*Work instruction*. Show all the lines in the data below that include the word "mathcomp".

*Provided information*.
(* Over undirected graphs, $\varphi_{\mathit{GadLin}}(x)$ is expressible by an ACR-GNN.
   Context: Undirected graphs are directed graphs $G=(V,E,\lambda)$ (finite $V$, loop-free $E$, $\lambda:V\to\{0,1\}^d$) with symmetric edge relation; $\{v,w\}$ denotes the pair of edges $(v,w),(w,v)$, and $N_G(v)$ is the neighbourhood of $v$. An ACR-GNN layer for undirected graphs is a triple $(\mathsf{agg},\mathsf{comb},\mathsf{read})$ where $\mathsf{agg}$ and $\mathsf{read}$ map multisets of vectors to vectors; it maps $\lambda$ to $\lambda'(v)=\mathsf{comb}\big(\lambda(v), \mathsf{agg}(\{\!\{\lambda(w)\}\!\}_{w\in N_G(v)}), \mathsf{read}(\{\!\{\lambda(w)\}\!\}_{w\in V})\big)$, where $\{\!\{\cdot\}\!\}$ denotes a multiset. An ACR-GNN classifier is a fixed number of layers followed by a classification function to truth values. The gadgetisation $\mathsf{gad}(G)$ of a directed graph $G=(V,E,\lambda)$ is the undirected graph of dimension 3 such that for each edge $(u,w)\in E$ it has nodes $v^1_u, v^2_{(u,w)}, v^3_{(u,w)}, v^1_w$, edges $\{v^1_u,v^2_{(u,w)}\}$, $\{v^2_{(u,w)},v^3_{(u,w)}\}$, $\{v^3_{(u,w)},v^1_w\}$, and labels $(1,0,0)$ for $v^1_u,v^1_w$, $(0,1,0)$ for $v^2_{(u,w)}$, $(0,0,1)$ for $v^3_{(u,w)}$. $\varphi_{\mathit{GadLin}}(x)$ is the node classifier accepting a node of a graph $G$ iff $G$ is isomorphic to $\mathsf{gad}(G')$ for some strict linear order $G'$. *)

From HB Require Import structures.
From mathcomp Require Import all_boot all_order all_algebra.
From Stdlib Require Import Rdefinitions.
From mathcomp Require Import Rstruct.
Set Implicit Arguments. Unset Strict Implicit. Unset Printing Implicit Defensive.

*Result of this task*.
From mathcomp Require Import all_boot all_order all_algebra.
From mathcomp Require Import Rstruct.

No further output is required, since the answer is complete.